By the end of this tutorial, a reader familiar with MD simulation should be capable of applying MDMC refinements to their own datasets and simulations.

In order to refine potential parameters the following is required:

A Universe which contains one or more atoms. (Building a Universe)
A Simulation which runs using the Universe. (Running a Simulation)
One or more Parameters to refine. (Selecting fitting Parameters)
One or more experimental datasets.

If you would like more detail on these, please see the tutorials in brackets; the actual setup of the simulation will be done quite concisely here.

[ ]:

import os
# This setting tells MDMC how many physical cores on your computer it should use
# for simulation and refinement calculations.
os.environ["OMP_NUM_THREADS"] = "4"

Experimental datasets

MDMC’s support for experimental datasets requires two things: the relevant Observable (e.g. dynamic structure factor \(S(Q,w)\)) must be available, and a Reader for the specific file format of the data must be implemented (e.g. the LAMPSQw Reader, which reads the LAMP output file format for dynamic structure factors). If this is not the case for a dataset you’d like to use, please file an issue in the MDMC github repository or contact support@mdmcproject.org.

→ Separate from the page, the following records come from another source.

(* Let $\mathbf S$ be a specialization semilattice and let $\precsim$ and $\sim$ be the relations on $S\times S^{<\omega}$ defined in the context. Then: (i) $\precsim$ is reflexive and transitive, hence $\sim$ is an equivalence relation. (ii) The map $K[a,\{b_1,\dots,b_h\}]=[a,\{a\vee_S b_1\vee_S\cdots\vee_S b_h\}]$ is well defined on $\sim$-classes, i.e. if $(a,\{b_1,\dots,b_h\})\sim(c,\{d_1,\dots,d_k\})$ then $(a,\{a\vee_S b_1\vee_S\cdots\vee_S b_h\})\sim(c,\{c\vee_S d_1\vee_S\cdots\vee_S d_k\})$. (iii) $\sim$ is a congruence of the product semilattice $(S,\vee_S)\times(S^{<\omega},\cup)$, so the quotient $\widetilde S$ inherits a semilattice operation given by $[a,B]\vee[c,D]=[a\vee_S c,B\cup D]$; moreover, for the induced order $\le$ on $\widetilde S$, $[a,B]\le[c,D]$ holds if and only if $(a,B)\precsim(c,D)$.
   Context: A specialization semilattice is a triple $\mathbf S=(S,\vee,\sqsubseteq)$ where $(S,\vee)$ is a join-semilattice, with induced order $a\le b$ iff $a\vee b=b$, and $\sqsubseteq$ is a binary relation on $S$ such that for all $a,b,c,a_1\in S$: (S1) $a\le b$ implies $a\sqsubseteq b$; (S2) $a\sqsubseteq b$ and $b\sqsubseteq c$ imply $a\sqsubseteq c$; (S3) $a\sqsubseteq b$ and $a_1\sqsubseteq b$ imply $a\vee a_1\sqsubseteq b$. Write $\vee_S,\le_S,\sqsubseteq_S$ for the operations/relations of $\mathbf S$. Let $S^{<\omega}$ be the set of finite subsets of $S$. On $S\times S^{<\omega}$ define $(a,B)\precsim(c,D)$, where $D=\{d_1,\dots,d_k\}$ ($k\ge 0$), to hold iff (a1) there exist $d_1^*,\dots,d_k^*\in S$ with $d_j^*\sqsubseteq_S d_j$ for each $j\le k$ and $a\le_S c\vee_S d_1^*\vee_S\cdots\vee_S d_k^*$ (when $D=\emptyset$ this means $a\le_S c$); and (a2) for every $b\in B$ there is $d\in D$ with $b\sqsubseteq_S d$. Let $(a,B)\sim(c,D)$ iff $(a,B)\precsim(c,D)$ and $(c,D)\precsim(a,B)$. $\widetilde S$ denotes the set of $\sim$-classes and $[a,B]$ the class of $(a,B)$. *)

From Stdlib Require Export List Ensembles Finite_sets.

Record SpecSL := {
  car :> Type;
  join : car -> car -> car;
  sq : car -> car -> Prop;
  joinA : forall x y z, join x (join y z) = join (join x y) z;
  joinC : forall x y, join x y = join y x;
  joinI : forall x, join x x = x;
  spec_S1 : forall a b, join a b = b -> sq a b;
  spec_S2 : forall a b c, sq a b -> sq b c -> sq a c;
  spec_S3 : forall a a1 b, sq a b -> sq a1 b -> sq (join a a1) b
}.

Arguments join {s} _ _.
Arguments sq {s} _ _.

Definition le {S : SpecSL} (a b : S) : Prop := join a b = b.

(* A finite subset D of S is represented as a (finite) predicate; a list
   [d_1;...;d_k] enumerates D if it lists its elements without repetition. *)
Definition enumerates {S : SpecSL} (D : Ensemble S) (l : list S) : Prop :=
  NoDup l /\ forall x, List.In x l <-> D x.

Definition precsim {S : SpecSL} (a : S) (B : Ensemble S) (c : S) (D : Ensemble S) : Prop :=
  (exists (ld lstar : list S),
      enumerates D ld /\
      Forall2 (fun x d => sq x d) lstar ld /\
      le a (fold_right join c lstar)) /\
  (forall b, B b -> exists d, D d /\ sq b d).

Definition sim {S : SpecSL} (a : S) (B : Ensemble S) (c : S) (D : Ensemble S) : Prop :=
  precsim a B c D /\ precsim c D a B.

(* The witnesses [d_j^*] in (a1) can be merged: any finite family of elements, each
   specializing to some element of [D], is dominated by a single family [d_j^* ⊑ d_j]
   indexed by an enumeration of [D], obtained by joining each element into the slot of
   an element of [D] it specializes to (S3).  So (a1) just says that [a] lies below [c]
   joined with finitely many specializations of elements of [D].  In this form [≾] is
   visibly a preorder in which [(a \/ c, B ∪ D)] is the least upper bound of [(a, B)]
   and [(c, D)], which gives (i) and (iii); (ii) follows from the observation that
   (a1) forces [a ⊑ c \/ d_1 \/ ... \/ d_k]. *)
From Stdlib Require Import Finite_sets_facts.

Section SpecializationPreorder.

Variable S : SpecSL.
Implicit Types (a b c d e x y : S) (B D E : Ensemble S) (l lb ld lstar : list S).

Notation joins c l := (fold_right join c l).

Lemma le_refl x : le x x.
Proof. apply joinI. Qed.

Lemma le_trans a b c : le a b -> le b c -> le a c.
Proof. unfold le; intros Hab Hbc. rewrite <- Hbc, joinA, Hab. reflexivity. Qed.

Lemma le_join_l a b : le a (join a b).
Proof. unfold le. rewrite joinA, joinI. reflexivity. Qed.

Lemma le_join_r a b : le b (join a b).
Proof. unfold le. rewrite (joinC _ a b), joinA, joinI. reflexivity. Qed.

Lemma join_lub a b c : le a c -> le b c -> le (join a b) c.
Proof. unfold le; intros Hac Hbc. rewrite <- joinA, Hbc, Hac. reflexivity. Qed.

Lemma sq_refl x : sq x x.
Proof. apply spec_S1, joinI. Qed.

Lemma le_joins_base c l : le c (joins c l).
Proof.
  induction l as [|x l IH]; simpl; [apply le_refl|].
  apply le_trans with (1 := IH), le_join_r.
Qed.

Lemma le_joins_in c e l : List.In e l -> le e (joins c l).
Proof.
  induction l as [|x l IH]; simpl; [tauto|].
  intros [<- | Hin]; [apply le_join_l|].
  apply le_trans with (1 := IH Hin), le_join_r.
Qed.

Lemma joins_lub c y l :
  le c y -> (forall e, List.In e l -> le e y) -> le (joins c l) y.
Proof.
  induction l as [|x l IH]; simpl; intros Hc Hl; [exact Hc|].
  apply join_lub; auto.
Qed.

Lemma joins_mono c c' l l' : le c c' -> incl l l' -> le (joins c l) (joins c' l').
Proof.
  intros Hc Hl. apply joins_lub.
  - apply le_trans with (1 := Hc), le_joins_base.
  - intros e He. apply le_joins_in, Hl, He.
Qed.

Lemma sq_joins c y l :
  sq c y -> (forall e, List.In e l -> sq e y) -> sq (joins c l) y.
Proof.
  induction l as [|x l IH]; simpl; intros Hc Hl; [exact Hc|].
  apply spec_S3; auto.
Qed.

Definition sq_into D x : Prop := exists d, D d /\ sq x d.

Definition covered a c D : Prop :=
  exists l, Forall (sq_into D) l /\ le a (joins c l).

Definition enumerable D : Prop := exists l, enumerates D l.

Lemma sq_into_trans D E x :
  sq_into D x -> (forall d, D d -> sq_into E d) -> sq_into E x.
Proof.
  intros [d [Hd Hxd]] HDE. destruct (HDE d Hd) as [f [Hf Hdf]].
  exists f. split; [exact Hf | exact (spec_S2 _ _ _ _ Hxd Hdf)].
Qed.

Lemma sq_into_joins D c ld x : enumerates D ld -> sq_into D x -> sq x (joins c ld).
Proof.
  intros [_ Hen] [d [Hd Hxd]].
  apply spec_S2 with (1 := Hxd), spec_S1, le_joins_in, Hen, Hd.
Qed.

Lemma covered_sq_joins a c D ld : enumerates D ld -> covered a c D -> sq a (joins c ld).
Proof.
  intros Hen [l [Hl Hle]]. apply spec_S2 with (1 := spec_S1 _ _ _ Hle).
  apply sq_joins; [apply spec_S1, le_joins_base|].
  intros e He. rewrite Forall_forall in Hl.
  apply (sq_into_joins D c ld e Hen), Hl, He.
Qed.

Lemma Forall2_sq_refl l : Forall2 sq l l.
Proof. induction l; constructor; [apply sq_refl | assumption]. Qed.

Lemma Forall2_sq_absorb c e d lstar ld :
  Forall2 sq lstar ld -> List.In d ld -> sq e d ->
  exists lstar', Forall2 sq lstar' ld /\ joins c lstar' = join e (joins c lstar).
Proof.
  intros H. induction H as [|x d0 lstar ld Hx Hsq IH]; simpl; [tauto|].
  intros [<- | Hin] Hed.
  - exists (join e x :: lstar). split; [constructor; [apply spec_S3; assumption | assumption]|].
    simpl. rewrite joinA. reflexivity.
  - destruct (IH Hin Hed) as [lstar' [Hsq' Hjoin]].
    exists (x :: lstar'). split; [constructor; assumption|].
    simpl. rewrite Hjoin, !joinA, (joinC _ x e). reflexivity.
Qed.

Lemma specializations_merge D ld c l :
  enumerates D ld -> Forall (sq_into D) l ->
  exists lstar, Forall2 sq lstar ld /\ le (joins c l) (joins c lstar).
Proof.
  intros [_ Hen] Hl. induction Hl as [|e l [d [Hd Hed]] _ IH].
  - exists ld. split; [apply Forall2_sq_refl | apply le_joins_base].
  - destruct IH as [lstar [Hsq Hle]].
    destruct (Forall2_sq_absorb c e d lstar ld Hsq (proj2 (Hen d) Hd) Hed)
      as [lstar' [Hsq' Hjoin]].
    exists lstar'. split; [exact Hsq'|]. simpl. rewrite Hjoin.
    apply join_lub; [apply le_join_l | apply le_trans with (1 := Hle), le_join_r].
Qed.

Lemma Forall2_sq_into D ld lstar :
  (forall d, List.In d ld -> D d) -> Forall2 sq lstar ld -> Forall (sq_into D) lstar.
Proof.
  intros Hen Hsq. induction Hsq as [|x d lstar ld Hxd _ IH]; constructor.
  - exists d. split; [apply Hen; left; reflexivity | exact Hxd].
  - apply IH. intros d' Hd'. apply Hen. right. exact Hd'.
Qed.

Lemma precsim_iff a B c D :
  precsim a B c D <->
  enumerable D /\ covered a c D /\ (forall b, B b -> sq_into D b).
Proof.
  split.
  - intros [[ld [lstar [Hen [Hsq Hle]]]] HB].
    split; [exists ld; exact Hen|]. split; [|exact HB].
    exists lstar. split; [|exact Hle].
    apply (Forall2_sq_into D ld); [apply Hen | exact Hsq].
  - intros [[ld Hen] [[l [Hl Hle]] HB]]. split; [|exact HB].
    destruct (specializations_merge D ld c l Hen Hl) as [lstar [Hsq Hle']].
    exists ld, lstar. split; [exact Hen|]. split; [exact Hsq|].
    apply le_trans with (1 := Hle), Hle'.
Qed.

Lemma finite_enumerable D : Finite S D -> enumerable D.
Proof.
  induction 1 as [|D _ [l [Hnd Hen]] x Hx].
  - exists nil. split; [constructor|]. intros x. split; [intros []| intros H; destruct H].
  - exists (x :: l). split.
    + constructor; [rewrite Hen; exact Hx | exact Hnd].
    + intros y. simpl. rewrite Hen. split.
      * intros [<- | Hy]; [right; constructor | left; exact Hy].
      * intros [z Hz | z Hz]; [right; exact Hz | destruct Hz; left; reflexivity].
Qed.

Lemma precsim_mono a a' B B' :
  le a a' -> Included S B B' -> enumerable B' -> precsim a B a' B'.
Proof.
  intros Ha HB Hen. apply precsim_iff. repeat split; [exact Hen| |].
  - exists nil. split; [constructor | exact Ha].
  - intros b Hb. exists b. split; [apply HB, Hb | apply sq_refl].
Qed.

Lemma precsim_refl a B : enumerable B -> precsim a B a B.
Proof. intros Hen. apply precsim_mono; [apply le_refl | intros x Hx; exact Hx | exact Hen]. Qed.

Lemma precsim_join_l a c B D : enumerable (Union S B D) -> precsim a B (join a c) (Union S B D).
Proof. apply precsim_mono; [apply le_join_l | intros x; apply Union_introl]. Qed.

Lemma precsim_join_r a c B D : enumerable (Union S B D) -> precsim c D (join a c) (Union S B D).
Proof. apply precsim_mono; [apply le_join_r | intros x; apply Union_intror]. Qed.

Lemma precsim_trans a c e B D E : precsim a B c D -> precsim c D e E -> precsim a B e E.
Proof.
  rewrite !precsim_iff.
  intros [_ [[l1 [Hl1 Hle1]] HBD]] [HE [[l2 [Hl2 Hle2]] HDE]].
  repeat split; [exact HE | |].
  - exists (l1 ++ l2). split.
    + apply Forall_app. split; [|exact Hl2].
      apply Forall_impl with (2 := Hl1). intros x Hx. apply (sq_into_trans D); auto.
    + apply le_trans with (1 := Hle1). rewrite fold_right_app.
      apply joins_mono; [exact Hle2 | apply incl_refl].
  - intros b Hb. apply (sq_into_trans D); auto.
Qed.

Lemma precsim_join_lub a c e B D E :
  precsim a B e E -> precsim c D e E -> precsim (join a c) (Union S B D) e E.
Proof.
  rewrite !precsim_iff.
  intros [HE [[l1 [Hl1 Hle1]] HB]] [_ [[l2 [Hl2 Hle2]] HD]].
  repeat split; [exact HE | |].
  - exists (l1 ++ l2). split; [apply Forall_app; split; assumption|].
    apply join_lub.
    + apply le_trans with (1 := Hle1), joins_mono; [apply le_refl | apply incl_appl, incl_refl].
    + apply le_trans with (1 := Hle2), joins_mono; [apply le_refl | apply incl_appr, incl_refl].
  - intros b [b' Hb | b' Hb]; auto.
Qed.

Lemma precsim_join a a' c c' B B' D D' :
  enumerable (Union S B' D') -> precsim a B a' B' -> precsim c D c' D' ->
  precsim (join a c) (Union S B D) (join a' c') (Union S B' D').
Proof.
  intros Hen Ha Hc. apply precsim_join_lub.
  - apply precsim_trans with (1 := Ha), precsim_join_l, Hen.
  - apply precsim_trans with (1 := Hc), precsim_join_r, Hen.
Qed.

Lemma enumerates_Singleton x : enumerates (Singleton S x) (x :: nil).
Proof.
  split; [constructor; [intros [] | constructor]|].
  intros y. simpl. split; [intros [<- | []]; constructor | intros H; destruct H; left; reflexivity].
Qed.

Lemma precsim_K a c B D lb ld :
  enumerates B lb -> enumerates D ld -> precsim a B c D ->
  precsim a (Singleton S (joins a lb)) c (Singleton S (joins c ld)).
Proof.
  intros HB HD H. apply precsim_iff in H. destruct H as [_ [Hcov HBD]].
  assert (Ha : sq a (joins c ld)) by exact (covered_sq_joins a c D ld HD Hcov).
  apply precsim_iff. repeat split.
  - exists (joins c ld :: nil). apply enumerates_Singleton.
  - exists (a :: nil). split; [|apply le_join_l].
    constructor; [|constructor]. exists (joins c ld). split; [constructor | exact Ha].
  - intros b Hb. destruct Hb. exists (joins c ld). split; [constructor|].
    apply sq_joins; [exact Ha|]. intros e He.
    apply (sq_into_joins D c ld e HD), HBD, HB, He.
Qed.

End SpecializationPreorder.

Theorem lemma3p6 (S : SpecSL) :
  (* (i) ≾ reflexive and transitive on S × S^{<ω}; hence ~ is an equivalence *)
  ((forall (a : S) (B : Ensemble S), Finite S B -> precsim a B a B) /\
   (forall (a c e : S) (B D E : Ensemble S),
      Finite S B -> Finite S D -> Finite S E ->
      precsim a B c D -> precsim c D e E -> precsim a B e E) /\
   (forall (a : S) (B : Ensemble S), Finite S B -> sim a B a B) /\
   (forall (a c : S) (B D : Ensemble S),
      Finite S B -> Finite S D -> sim a B c D -> sim c D a B) /\
   (forall (a c e : S) (B D E : Ensemble S),
      Finite S B -> Finite S D -> Finite S E ->
      sim a B c D -> sim c D e E -> sim a B e E)) /\
  (* (ii) K[a,{b_1..b_h}] = [a,{a \/ b_1 \/ ... \/ b_h}] is well defined *)
  (forall (a c : S) (B D : Ensemble S) (lb ld : list S),
      enumerates B lb -> enumerates D ld ->
      sim a B c D ->
      sim a (Singleton S (fold_right join a lb))
          c (Singleton S (fold_right join c ld))) /\
  (* (iii) ~ is a congruence of (S, \/) × (S^{<ω}, ∪) *)
  (forall (a a' c c' : S) (B B' D D' : Ensemble S),
      Finite S B -> Finite S B' -> Finite S D -> Finite S D' ->
      sim a B a' B' -> sim c D c' D' ->
      sim (join a c) (Union S B D) (join a' c') (Union S B' D')) /\
  (* and for the induced order on the quotient:
     [a,B] <= [c,D]  (i.e. [a \/ c, B ∪ D] = [c,D])  iff  (a,B) ≾ (c,D) *)
  (forall (a c : S) (B D : Ensemble S),
      Finite S B -> Finite S D ->
      (sim (join a c) (Union S B D) c D <-> precsim a B c D)).
Proof.
  assert (Hrefl : forall (a : S) B, Finite S B -> precsim a B a B)
    by (intros; apply precsim_refl, finite_enumerable; assumption).
  assert (HU : forall B D, Finite S B -> Finite S D -> enumerable S (Union S B D))
    by (intros; apply finite_enumerable, Union_preserves_Finite; assumption).
  split; [split; [|split; [|split; [|split]]] | split; [|split]].
  - exact Hrefl.
  - intros; apply precsim_trans with c D; assumption.
  - intros a B HB. split; apply Hrefl; exact HB.
  - intros a c B D _ _ [Hac Hca]. split; assumption.
  - intros a c e B D E _ _ _ [Hac Hca] [Hce Hec].
    split; [apply precsim_trans with c D | apply precsim_trans with c D]; assumption.
  - intros a c B D lb ld HB HD [Hac Hca]. split; [apply (precsim_K S a c B D) | apply (precsim_K S c a D B)]; assumption.
  - intros a a' c c' B B' D D' FB FB' FD FD' [Ha Ha'] [Hc Hc'].
    split; apply precsim_join; auto.
  - intros a c B D FB FD. split.
    + intros [H _]. apply precsim_trans with (join a c) (Union S B D); [|exact H].
      apply precsim_join_l, HU; assumption.
    + intros H. split.
      * apply precsim_join_lub; [exact H | apply Hrefl, FD].
      * apply precsim_join_r, HU; assumption.
Qed.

Each experimental dataset must be specified by a Python dictionary containing the following:

file_name : A string with the file name of the experimental data
type : A string specifying the type of Observable which describes the data (e.g. SQw if the data is the dynamic structure factor, PDF if the data is the pair distribution function).
reader : A string specifying the name of the ObservableReader which will be used to read the file.
weight : A float which determines the relative importance weighting of this dataset to other datasets, if multiple datasets are being refined at the same time.
rescale_factor, optional : A float which rescales the experimental data linearly in order to match the absolute scale of the simulated data when calculating the Figure of Merit (FoM). Default is 1., i.e. no change to the data.
auto_scale, optional : A boolean specifying whether to automatically set the rescale_factor at each step of the refinement to the value which minimizes the FoM. Default is False.
use_FFT, optional : A boolean specifying whether to use the Fast Fourier Transform (FFT) in the calculation of variables from MD, which are faster but can impose restrictions on the uniformity of variables. Default is True.
resolution : a one-line dict of format {'file' : str} or {key : float}. if {'file' : str}, the str should be a file in the same format as file_name containing results of a vanadium sample which is used to determine instrument energy resolution for this dataset. If {key : float}, the key should be the type of numeric resolution, with the key being the function type (e.g. 'gaussian' or 'lorentzian'), and the float the FWHM for that function.

For this tutorial we are using Johan Qvist et al (2011)’s data for supercooled water.

[ ]:

# Dataset from: Johan Qvist et al, J. Chem. Phys. 134, 144508 (2011)
QENS = {'file_name':'data/263K05Awat_LAMP',
        'type':'SQw',
        'reader':'LAMPSQw',
        'weight':1.,
        'auto_scale':True,
        'use_FFT':False,
        'resolution':{'file': 'data/262p7K0A5van_LAMP'}}

As the dataset we are using has both negative energy values and non-uniform spacing, the default behaviour of use_FFT=True would cause the data to be interpolated as part of the refinement process. Setting this to False allows us to preserve the original energy values.

The default behaviour of the scaling (rescale_factor=1., auto_scale=False) assumes that the dataset provided has been properly scaled and normalised for the refinement process. This is the preferred way of using MDMC, and arbitrary or automatic rescaling should be undertaken with care. For example, using auto_scale to determine the scaling does not take into account any physical aspects of scaling the data, such as the presence or absence of background events from peaks outside its range.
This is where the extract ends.